▶ _RECORDS PROVIDED_:
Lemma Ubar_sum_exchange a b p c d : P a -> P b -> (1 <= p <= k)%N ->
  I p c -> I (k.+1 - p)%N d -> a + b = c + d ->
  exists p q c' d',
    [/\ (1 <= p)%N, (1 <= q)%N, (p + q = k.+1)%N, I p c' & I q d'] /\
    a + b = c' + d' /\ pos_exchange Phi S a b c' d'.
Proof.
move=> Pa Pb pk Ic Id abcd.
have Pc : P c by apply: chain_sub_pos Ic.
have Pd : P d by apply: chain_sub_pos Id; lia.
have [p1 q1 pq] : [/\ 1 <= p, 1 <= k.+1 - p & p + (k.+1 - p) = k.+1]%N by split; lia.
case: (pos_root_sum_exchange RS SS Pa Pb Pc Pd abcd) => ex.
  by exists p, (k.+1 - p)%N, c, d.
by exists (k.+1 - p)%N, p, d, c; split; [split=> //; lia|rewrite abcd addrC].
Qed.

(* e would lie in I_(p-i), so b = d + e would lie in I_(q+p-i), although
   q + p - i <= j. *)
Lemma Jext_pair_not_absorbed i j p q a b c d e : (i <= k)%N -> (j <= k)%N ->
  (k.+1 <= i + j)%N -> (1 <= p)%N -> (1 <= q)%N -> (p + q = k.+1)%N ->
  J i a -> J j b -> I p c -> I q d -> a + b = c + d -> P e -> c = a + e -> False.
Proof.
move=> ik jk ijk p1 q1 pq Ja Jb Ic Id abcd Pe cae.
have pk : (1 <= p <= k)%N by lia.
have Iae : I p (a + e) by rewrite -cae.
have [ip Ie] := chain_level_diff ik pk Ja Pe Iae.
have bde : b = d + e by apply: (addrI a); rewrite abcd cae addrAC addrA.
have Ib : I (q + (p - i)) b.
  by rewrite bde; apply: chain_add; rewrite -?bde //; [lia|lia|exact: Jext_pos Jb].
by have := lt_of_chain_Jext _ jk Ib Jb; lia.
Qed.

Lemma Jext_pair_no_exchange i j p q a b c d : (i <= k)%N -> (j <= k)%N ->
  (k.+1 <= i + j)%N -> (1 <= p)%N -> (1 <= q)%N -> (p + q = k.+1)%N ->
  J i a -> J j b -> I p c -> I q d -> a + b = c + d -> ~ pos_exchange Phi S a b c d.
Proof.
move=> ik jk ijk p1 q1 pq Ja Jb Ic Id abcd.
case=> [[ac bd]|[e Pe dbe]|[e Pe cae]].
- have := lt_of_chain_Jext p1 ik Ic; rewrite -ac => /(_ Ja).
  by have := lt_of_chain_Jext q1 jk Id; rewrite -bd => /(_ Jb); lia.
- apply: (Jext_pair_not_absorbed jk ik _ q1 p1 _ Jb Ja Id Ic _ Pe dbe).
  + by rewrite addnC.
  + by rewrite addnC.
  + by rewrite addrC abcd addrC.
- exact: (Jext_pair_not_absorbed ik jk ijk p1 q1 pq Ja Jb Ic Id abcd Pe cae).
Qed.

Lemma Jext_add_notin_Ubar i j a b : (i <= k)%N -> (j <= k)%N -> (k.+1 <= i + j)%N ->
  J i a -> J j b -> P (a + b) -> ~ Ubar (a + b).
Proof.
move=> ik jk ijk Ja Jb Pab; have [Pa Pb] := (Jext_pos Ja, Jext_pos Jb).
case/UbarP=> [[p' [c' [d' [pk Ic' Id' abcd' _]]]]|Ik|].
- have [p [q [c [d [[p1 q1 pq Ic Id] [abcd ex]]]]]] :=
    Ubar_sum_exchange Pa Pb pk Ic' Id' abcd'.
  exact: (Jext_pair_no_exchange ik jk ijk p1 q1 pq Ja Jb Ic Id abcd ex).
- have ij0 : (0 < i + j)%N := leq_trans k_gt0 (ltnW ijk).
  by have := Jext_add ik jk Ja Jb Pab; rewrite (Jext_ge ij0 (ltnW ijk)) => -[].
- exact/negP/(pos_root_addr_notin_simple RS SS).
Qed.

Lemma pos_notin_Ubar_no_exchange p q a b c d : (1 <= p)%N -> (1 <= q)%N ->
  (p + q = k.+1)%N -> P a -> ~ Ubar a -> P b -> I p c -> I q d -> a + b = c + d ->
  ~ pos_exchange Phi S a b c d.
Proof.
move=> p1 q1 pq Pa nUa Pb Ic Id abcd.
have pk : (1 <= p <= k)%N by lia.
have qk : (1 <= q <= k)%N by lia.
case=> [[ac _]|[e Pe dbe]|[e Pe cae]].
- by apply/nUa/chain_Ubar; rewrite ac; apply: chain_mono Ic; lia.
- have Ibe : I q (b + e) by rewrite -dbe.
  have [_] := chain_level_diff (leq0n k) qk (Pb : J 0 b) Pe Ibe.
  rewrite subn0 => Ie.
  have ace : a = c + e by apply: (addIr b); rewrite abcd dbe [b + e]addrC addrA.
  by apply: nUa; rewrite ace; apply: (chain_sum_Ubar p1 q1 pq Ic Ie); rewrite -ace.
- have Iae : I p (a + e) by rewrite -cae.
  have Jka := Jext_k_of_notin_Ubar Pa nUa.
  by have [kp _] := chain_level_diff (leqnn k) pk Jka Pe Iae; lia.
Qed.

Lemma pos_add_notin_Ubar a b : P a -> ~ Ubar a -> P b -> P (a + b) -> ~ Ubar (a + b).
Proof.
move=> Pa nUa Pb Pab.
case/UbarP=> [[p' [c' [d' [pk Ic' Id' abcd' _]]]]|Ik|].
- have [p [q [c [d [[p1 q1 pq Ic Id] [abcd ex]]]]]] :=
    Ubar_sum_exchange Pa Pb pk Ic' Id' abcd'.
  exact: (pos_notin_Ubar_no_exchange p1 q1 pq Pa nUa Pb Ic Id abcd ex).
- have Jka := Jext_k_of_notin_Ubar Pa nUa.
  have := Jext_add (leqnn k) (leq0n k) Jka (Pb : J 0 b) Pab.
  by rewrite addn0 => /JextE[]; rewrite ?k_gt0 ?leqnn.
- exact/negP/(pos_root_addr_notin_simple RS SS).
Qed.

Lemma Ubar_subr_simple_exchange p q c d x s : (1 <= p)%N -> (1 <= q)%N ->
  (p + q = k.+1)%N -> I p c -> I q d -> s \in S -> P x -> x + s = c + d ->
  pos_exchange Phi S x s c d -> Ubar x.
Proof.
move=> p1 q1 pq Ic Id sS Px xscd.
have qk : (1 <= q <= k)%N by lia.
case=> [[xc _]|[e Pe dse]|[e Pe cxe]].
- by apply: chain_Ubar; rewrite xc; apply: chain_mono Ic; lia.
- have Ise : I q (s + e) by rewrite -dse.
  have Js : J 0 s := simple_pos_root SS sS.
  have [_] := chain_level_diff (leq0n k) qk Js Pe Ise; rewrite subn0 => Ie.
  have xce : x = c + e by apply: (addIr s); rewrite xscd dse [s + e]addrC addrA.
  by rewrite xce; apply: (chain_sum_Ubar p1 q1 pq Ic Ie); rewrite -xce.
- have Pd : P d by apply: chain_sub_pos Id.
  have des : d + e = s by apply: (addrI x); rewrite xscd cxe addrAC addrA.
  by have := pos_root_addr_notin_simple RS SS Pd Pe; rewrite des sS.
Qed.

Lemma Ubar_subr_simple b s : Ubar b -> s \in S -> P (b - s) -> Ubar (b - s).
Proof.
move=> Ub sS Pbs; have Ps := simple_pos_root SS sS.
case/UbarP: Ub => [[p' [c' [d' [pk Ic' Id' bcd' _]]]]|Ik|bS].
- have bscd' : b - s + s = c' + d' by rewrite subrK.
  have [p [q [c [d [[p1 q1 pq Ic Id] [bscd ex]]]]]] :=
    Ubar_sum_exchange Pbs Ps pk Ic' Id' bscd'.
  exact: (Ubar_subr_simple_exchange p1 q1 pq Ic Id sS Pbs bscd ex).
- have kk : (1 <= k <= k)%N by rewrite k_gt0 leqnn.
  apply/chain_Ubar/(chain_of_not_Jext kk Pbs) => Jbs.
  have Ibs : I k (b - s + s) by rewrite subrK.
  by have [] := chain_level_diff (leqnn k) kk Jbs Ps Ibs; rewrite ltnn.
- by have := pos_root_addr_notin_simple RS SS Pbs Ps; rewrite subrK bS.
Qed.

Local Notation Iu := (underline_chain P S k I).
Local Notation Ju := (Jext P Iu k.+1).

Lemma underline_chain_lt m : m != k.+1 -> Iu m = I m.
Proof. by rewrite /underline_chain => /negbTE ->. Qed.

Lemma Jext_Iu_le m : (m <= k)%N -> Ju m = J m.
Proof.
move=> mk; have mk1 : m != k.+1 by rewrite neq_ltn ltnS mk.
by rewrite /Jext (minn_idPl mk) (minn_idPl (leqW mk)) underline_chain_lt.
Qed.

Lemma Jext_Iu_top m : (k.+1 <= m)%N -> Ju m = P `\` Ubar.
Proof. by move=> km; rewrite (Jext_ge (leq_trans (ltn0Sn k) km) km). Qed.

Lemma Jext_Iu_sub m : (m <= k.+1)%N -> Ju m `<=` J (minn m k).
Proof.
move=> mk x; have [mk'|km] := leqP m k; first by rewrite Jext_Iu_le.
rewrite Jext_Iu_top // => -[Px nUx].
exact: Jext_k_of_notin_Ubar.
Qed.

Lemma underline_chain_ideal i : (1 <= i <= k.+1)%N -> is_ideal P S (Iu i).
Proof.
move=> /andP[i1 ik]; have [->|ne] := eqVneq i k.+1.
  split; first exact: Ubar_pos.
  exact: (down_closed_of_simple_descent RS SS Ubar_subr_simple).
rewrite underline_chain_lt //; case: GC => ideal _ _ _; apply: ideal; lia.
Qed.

▶ _YOUR GOAL_: Retype, in the same exact form, the lines of the material above from the line holding "abcd Pe cae." through the line holding "have Ib : I (q + (p - i)) b.".

▶ _ANSWER SPACE_:
move=> ik jk ijk p1 q1 pq Ja Jb Ic Id abcd Pe cae.
have pk : (1 <= p <= k)%N by lia.
have Iae : I p (a + e) by rewrite -cae.
have [ip Ie] := chain_level_diff ik pk Ja Pe Iae.
have bde : b = d + e by apply: (addrI a); rewrite abcd cae addrAC addrA.
have Ib : I (q + (p - i)) b.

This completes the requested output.